**Work to be completed**
Output only the lines below from the one containing "pure_decomp rho p psi ->" to the one containing "case=> p_ge0 _", exactly as written, both ends kept.

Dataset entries
○ ○ ○ ○ ○ ○ ○

(* Let $\mathcal{H}^S$ and $\mathcal{H}^A$ be $d$-dimensional Hilbert spaces with fixed orthonormal bases. There exists an isometry $W:\mathcal{H}^S\to\mathcal{H}^S\otimes\mathcal{H}^A$ such that for every state $\rho^S$ on $\mathcal{H}^S$, \[ \mathcal{L}_C(\rho^S)=\mathcal{L}_E(W\rho^SW^\dagger). \]
   Context: The coherence rank $R_C(|\psi\rangle)$ of a pure state $|\psi\rangle\in\mathcal{H}^S$ is the number of nonzero coefficients of $|\psi\rangle$ in the fixed basis; $\mathcal{L}_C(|\psi\rangle)=\log_2R_C(|\psi\rangle)$; for a state $\rho$, $\mathcal{L}_C(\rho)=\min\sum_ip_i\mathcal{L}_C(|\psi_i\rangle)$ over all pure-state decompositions $\rho=\sum_ip_i|\psi_i\rangle\langle\psi_i|$. For a bipartite pure state $|\psi^{SA}\rangle$ with Schmidt rank $r$, $\mathcal{L}_E(|\psi^{SA}\rangle)=\log_2r$, and for a bipartite state $\rho^{SA}$, $\mathcal{L}_E(\rho^{SA})=\min\sum_ip_i\mathcal{L}_E(|\psi_i^{SA}\rangle)$ over all pure-state decompositions of $\rho^{SA}$. *)

From HB Require Import structures.
From mathcomp Require Import all_boot all_order all_algebra.
From mathcomp Require Import all_classical all_reals.
From mathcomp Require Import exp.
From mathcomp Require Import complex.
Set Implicit Arguments. Unset Strict Implicit. Unset Printing Implicit Defensive.
Import Order.TTheory GRing.Theory Num.Theory.
Local Open Scope ring_scope.
Local Open Scope classical_set_scope.

Section QDefs.
Variable R : realType.
Local Notation C := R[i].

Definition adjmx (m n : nat) (A : 'M[C]_(m, n)) : 'M[C]_(n, m) :=
  (map_mx (@conjc R) A)^T.

Definition log2 (x : R) : R := ln x / ln 2.

Definition is_state (m : nat) (rho : 'M[C]_m) : Prop :=
  (forall v : 'cV[C]_m, 0 <= (adjmx v *m rho *m v) 0 0) /\ \tr rho = 1.

Definition is_isometry (m n : nat) (W : 'M[C]_(m, n)) : Prop :=
  adjmx W *m W = 1%:M.

Definition is_unit_vec (m : nat) (v : 'cV[C]_m) : Prop :=
  (adjmx v *m v) 0 0 = 1.

Definition pure_decomp (m : nat) (rho : 'M[C]_m) (k : nat)
  (p : 'I_k -> R) (psi : 'I_k -> 'cV[C]_m) : Prop :=
  [/\ forall i, 0 <= p i, \sum_i p i = 1, forall i, is_unit_vec (psi i)
    & rho = \sum_i (((p i)%:C)%C *: (psi i *m adjmx (psi i)))].

Definition convex_roof (m : nat) (f : 'cV[C]_m -> R) (rho : 'M[C]_m) : R :=
  inf [set x : R | exists k (p : 'I_k -> R) (psi : 'I_k -> 'cV[C]_m),
         pure_decomp rho p psi /\ x = \sum_i p i * f (psi i)].

Definition coh_rank (m : nat) (v : 'cV[C]_m) : nat :=
  #|[set i : 'I_m | v i 0 != 0]|.

Definition LC_pure (m : nat) (v : 'cV[C]_m) : R := log2 (coh_rank v)%:R.
Definition LC (m : nat) (rho : 'M[C]_m) : R := convex_roof (@LC_pure m) rho.

(* Bipartite space H^S (x) H^A = C^(d*d), with basis |i>|j> at index
   mxvec_index i j.  The coefficient matrix of psi is M_ij = psi_(ij);
   the Schmidt rank of psi is the rank of M. *)
Definition coef_mx (d : nat) (psi : 'cV[C]_(d * d)) : 'M[C]_(d, d) :=
  vec_mx psi^T.
Definition schmidt_rank (d : nat) (psi : 'cV[C]_(d * d)) : nat :=
  \rank (coef_mx psi).

Definition LE_pure (d : nat) (v : 'cV[C]_(d * d)) : R :=
  log2 (schmidt_rank v)%:R.
Definition LE (d : nat) (rho : 'M[C]_(d * d)) : R :=
  convex_roof (@LE_pure d) rho.

End QDefs.

(* The isometry W |j> = |j>|j> turns a pure state v into one whose coefficient
   matrix is diag(v), so its Schmidt rank is the coherence rank of v.  Since
   W rho W^dagger is supported on the range of W, the pure states of positive
   weight in any decomposition of it lie in that range, i.e. are images under W
   of pure states decomposing rho.  Pure-state decompositions of rho and of
   W rho W^dagger thus correspond, with equal averages of L_C and L_E. *)

From HB Require Import structures.
From mathcomp Require Import all_boot all_order all_algebra.
From mathcomp Require Import all_classical all_reals.
From mathcomp Require Import exp complex.
Set Implicit Arguments. Unset Strict Implicit. Unset Printing Implicit Defensive.
Import Order.TTheory GRing.Theory Num.Theory.
Local Open Scope ring_scope.

Lemma rank_diag_mx (F : fieldType) n (d : 'rV[F]_n) :
  \rank (diag_mx d) = (\sum_i (d 0%R i != 0%R))%N.
Proof.
elim: n d => [|n IHn] d; first by rewrite big_ord0 thinmx0 mxrank0.
move: d; rewrite -[n.+1]/(1 + n)%N => d.
rewrite -[d]hsubmxK diag_mx_row rank_diag_block_mx IHn big_ord_recl.
congr addn; last first.
  apply: eq_bigr => i _.
  by rewrite (_ : lift 0 i = rshift 1 i) ?row_mxEr //; apply/val_inj.
have -> : row_mx (lsubmx d) (rsubmx d) 0 0 = lsubmx d 0 0.
  by rewrite (_ : 0 = lshift n (0 : 'I_1)) ?row_mxEl //; apply/val_inj.
have -> : diag_mx (lsubmx d) = (lsubmx d 0 0)%:M.
  by apply/matrixP => i j; rewrite !ord1 !mxE.
have [->|a_neq0] := eqVneq (lsubmx d 0 0) 0; first by rewrite raddf0 mxrank0.
by rewrite mxrank_unit // unitmxE det_scalar unitfE.
Qed.

Section IsometricEmbedding.
Variable R : realType.
Local Notation C := R[i].

Lemma adjmxE m n (A : 'M[C]_(m, n)) i j : adjmx A i j = (A j i)^*%C.
Proof. by rewrite !mxE. Qed.

Lemma adjmxM m n p (A : 'M[C]_(m, n)) (B : 'M[C]_(n, p)) :
  adjmx (A *m B) = adjmx B *m adjmx A.
Proof. by rewrite /adjmx map_mxM trmx_mul. Qed.

Lemma adjmxK m n (A : 'M[C]_(m, n)) : adjmx (adjmx A) = A.
Proof. by apply/matrixP => i j; rewrite !adjmxE conjcK. Qed.

Lemma mulmx_sumZ m n p q k (A : 'M[C]_(m, n)) (c : 'I_k -> C)
    (X : 'I_k -> 'M[C]_(n, p)) (B : 'M[C]_(p, q)) :
  A *m (\sum_i c i *: X i) *m B = \sum_i c i *: (A *m X i *m B).
Proof.
rewrite mulmx_sumr mulmx_suml; apply: eq_bigr => i _.
by rewrite scalemxAl -scalemxAr.
Qed.

Lemma mulmx_adjmx_diag m (x : 'cV[C]_m) j :
  (x *m adjmx x) j j = x j 0 * (x j 0)^*%C.
Proof. by rewrite mxE big_ord1 adjmxE. Qed.

Lemma outer_sum_eq0 m k (p : 'I_k -> R) (x : 'I_k -> 'cV[C]_m) :
  (forall i, 0 <= p i) -> \sum_i (p i)%:C%C *: (x i *m adjmx (x i)) = 0 ->
  forall i, p i != 0 -> x i = 0.
Proof.
move=> p_ge0 sum_eq0 i pi_neq0; apply/colP => j; rewrite mxE.
have /eqP := congr1 (fun M : 'M_m => M j j) sum_eq0.
rewrite summxE mxE psumr_eq0 => [/allP/(_ i (mem_index_enum _))|l _]; last first.
  by rewrite mxE mulmx_adjmx_diag mulr_ge0 ?ler0c ?mulcJ_ge0.
rewrite /= mxE mulmx_adjmx_diag !mulf_eq0 conjc_eq0 orbb fmorph_eq0.
by rewrite (negPf pi_neq0) => /eqP.
Qed.

Lemma state_dim_gt0 m (rho : 'M[C]_m) : is_state rho -> (0 < m)%N.
Proof.
case: m rho => // rho [_]; rewrite /mxtrace big_ord0 => /eqP.
by rewrite eq_sym oner_eq0.
Qed.

Section Isometry.
Variables (m n : nat) (V : 'M[C]_(n, m)).
Hypothesis V_iso : is_isometry V.

Lemma isometry_unit_vec (v : 'cV[C]_m) :
  is_unit_vec (V *m v) <-> is_unit_vec v.
Proof.
by rewrite /is_unit_vec adjmxM mulmxA -(mulmxA (adjmx v)) V_iso mulmx1.
Qed.

Lemma isometry_conjK (rho : 'M[C]_m) :
  adjmx V *m (V *m rho *m adjmx V) *m V = rho.
Proof. by rewrite !mulmxA V_iso mul1mx -mulmxA V_iso mulmx1. Qed.

Lemma pure_decomp_isometry (rho : 'M[C]_m) k p (psi : 'I_k -> 'cV[C]_m) :
  pure_decomp rho p psi ->
  pure_decomp (V *m rho *m adjmx V) p (fun i => V *m psi i).
Proof.
case=> p_ge0 p_sum psi_unit ->; split=> // [i|].
  exact/isometry_unit_vec.
by rewrite mulmx_sumZ; apply: eq_bigr => i _; rewrite adjmxM !mulmxA.
Qed.

(* The projection P = 1 - V V^dagger kills V rho V^dagger, hence every
   component of positive weight in P (V rho V^dagger) P^dagger. *)
Lemma pure_decomp_isometry_range (rho : 'M[C]_m) k p (phi : 'I_k -> 'cV[C]_n) :
  pure_decomp (V *m rho *m adjmx V) p phi ->
  forall i, p i != 0 -> V *m (adjmx V *m phi i) = phi i.
Proof.
case=> p_ge0 _ _ rhoE i pi_neq0; set P := 1%:M - V *m adjmx V.
have PV0 : P *m V = 0 by rewrite mulmxBl mul1mx -mulmxA V_iso mulmx1 subrr.
suff /(outer_sum_eq0 p_ge0)/(_ i pi_neq0)/eqP :
    \sum_i (p i)%:C%C *: (P *m phi i *m adjmx (P *m phi i)) = 0.
  by rewrite mulmxBl mul1mx subr_eq0 mulmxA => /eqP.
transitivity (P *m (V *m rho *m adjmx V) *m adjmx P).
  by rewrite rhoE mulmx_sumZ; apply: eq_bigr => j _; rewrite adjmxM !mulmxA.
by rewrite !mulmxA PV0 !mul0mx.
Qed.

Lemma pure_decomp_isometry_pullback (m_gt0 : (0 < m)%N) (rho : 'M[C]_m)
    k p (phi : 'I_k -> 'cV[C]_n) :
  pure_decomp (V *m rho *m adjmx V) p phi ->
  exists psi : 'I_k -> 'cV[C]_m,
    pure_decomp rho p psi /\ forall i, p i != 0 -> phi i = V *m psi i.
Proof.
move=> dec; have phiE := pure_decomp_isometry_range dec.
case: dec => p_ge0 p_sum phi_unit rhoE.
pose e : 'cV[C]_m := delta_mx (Ordinal m_gt0) 0.
have e_unit : is_unit_vec e.
  rewrite /is_unit_vec mxE (bigD1 (Ordinal m_gt0)) //= big1 ?addr0.
    by rewrite adjmxE !mxE eqxx conjc1 mul1r.
  by move=> j /negPf j_neq; rewrite !mxE j_neq mulr0.
exists (fun i => if p i == 0 then e else adjmx V *m phi i).
split=> [|i pi_neq0]; last by rewrite (negPf pi_neq0) phiE.
split=> // [i|].
  case: ifPn => // pi_neq0; apply/isometry_unit_vec.
  by rewrite phiE //; exact: phi_unit.
rewrite -[LHS]isometry_conjK rhoE mulmx_sumZ; apply: eq_bigr => i _.
case: ifPn => [/eqP->|_]; first by rewrite rmorph0 !scale0r.
by rewrite adjmxM adjmxK !mulmxA.
Qed.

Lemma convex_roof_isometry (m_gt0 : (0 < m)%N) (f : 'cV[C]_m -> R)
    (g : 'cV[C]_n -> R) (rho : 'M[C]_m) :
  (forall v, g (V *m v) = f v) ->
  convex_roof g (V *m rho *m adjmx V) = convex_roof f rho.
Proof.
move=> gV; rewrite /convex_roof; congr inf; apply/seteqP; split=> x /=.
  move=> [k [p [phi [dec ->]]]].
  have [psi [dec' phiE]] := pure_decomp_isometry_pullback m_gt0 dec.
  exists k, p, psi; split=> //; apply: eq_bigr => i _.
  by have [->|/phiE->] := eqVneq (p i) 0; rewrite ?mul0r ?gV.
move=> [k [p [psi [dec ->]]]].
exists k, p, (fun i => V *m psi i); split; first exact: pure_decomp_isometry.
by apply: eq_bigr => i _; rewrite gV.
Qed.

End Isometry.

Lemma mxvec_index_diag_eq d (a b : 'I_d) :
  (mxvec_index a a == mxvec_index b b) = (a == b).
Proof.
apply/eqP/eqP => [|-> //].
by rewrite /mxvec_index => /cast_ord_inj /enum_rank_inj [].
Qed.

Definition copy_mx d : 'M[C]_(d * d, d) :=
  \matrix_(k, j) (k == mxvec_index j j)%:R.

Lemma copy_mx_isometry d : is_isometry (copy_mx d).
Proof.
apply/matrixP => a b; rewrite mxE (bigD1 (mxvec_index a a)) //= big1 ?addr0.
  by rewrite adjmxE !mxE eqxx conjc1 mul1r mxvec_index_diag_eq.
by move=> k /negPf k_neq; rewrite adjmxE mxE k_neq conjc0 mul0r.
Qed.

(* copy_mx maps |j> to |j>|j>, so copy_mx v has coefficient matrix diag(v). *)
Lemma copy_mx_mul d (v : 'cV[C]_d) :
  copy_mx d *m v = (mxvec (diag_mx v^T))^T.
Proof.
apply/colP => k; rewrite !mxE diag_mx_sum_delta linear_sum summxE.
apply: eq_bigr => j _; rewrite linearZ /= mxvec_delta !mxE.
by rewrite eqxx mulrC.
Qed.

Lemma coh_rankE d (v : 'cV[C]_d) : coh_rank v = (\sum_i (v i 0%R != 0%R))%N.
Proof.
rewrite /coh_rank -sum1_card [LHS]big_mkcond; apply: eq_bigr => i _ /=.
suff -> : (i \in [set j | v j 0 != 0]%classic) = (v i 0 != 0) by case: ifP.
by apply/idP/idP; rewrite in_setE.
Qed.

Lemma schmidt_rank_copy d (v : 'cV[C]_d) :
  schmidt_rank (copy_mx d *m v) = coh_rank v.
Proof.
rewrite /schmidt_rank /coef_mx copy_mx_mul trmxK mxvecK rank_diag_mx coh_rankE.
by apply: eq_bigr => i _; rewrite mxE.
Qed.

End IsometricEmbedding.

Theorem proposition6 (R : realType) (d : nat) :
  exists W : 'M[R[i]]_(d * d, d),
    is_isometry W /\
    forall rho : 'M[R[i]]_d, is_state rho ->
      LC rho = LE (W *m rho *m adjmx W).
Proof.
exists (copy_mx R d); split=> [|rho rho_state]; first exact: copy_mx_isometry.
have d_gt0 := state_dim_gt0 rho_state.
rewrite /LC /LE; apply/esym/convex_roof_isometry => // [|v].
  exact: copy_mx_isometry.
by rewrite /LE_pure schmidt_rank_copy.
Qed.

○ ○ ○ ○ ○ ○ ○

**Written response**
  pure_decomp rho p psi ->
  pure_decomp (V *m rho *m adjmx V) p (fun i => V *m psi i).
Proof.
case=> p_ge0 p_sum psi_unit ->; split=> // [i|].
  exact/isometry_unit_vec.
by rewrite mulmx_sumZ; apply: eq_bigr => i _; rewrite adjmxM !mulmxA.
Qed.

(* The projection P = 1 - V V^dagger kills V rho V^dagger, hence every
   component of positive weight in P (V rho V^dagger) P^dagger. *)
Lemma pure_decomp_isometry_range (rho : 'M[C]_m) k p (phi : 'I_k -> 'cV[C]_n) :
  pure_decomp (V *m rho *m adjmx V) p phi ->
  forall i, p i != 0 -> V *m (adjmx V *m phi i) = phi i.
Proof.
case=> p_ge0 _ _ rhoE i pi_neq0; set P := 1%:M - V *m adjmx V.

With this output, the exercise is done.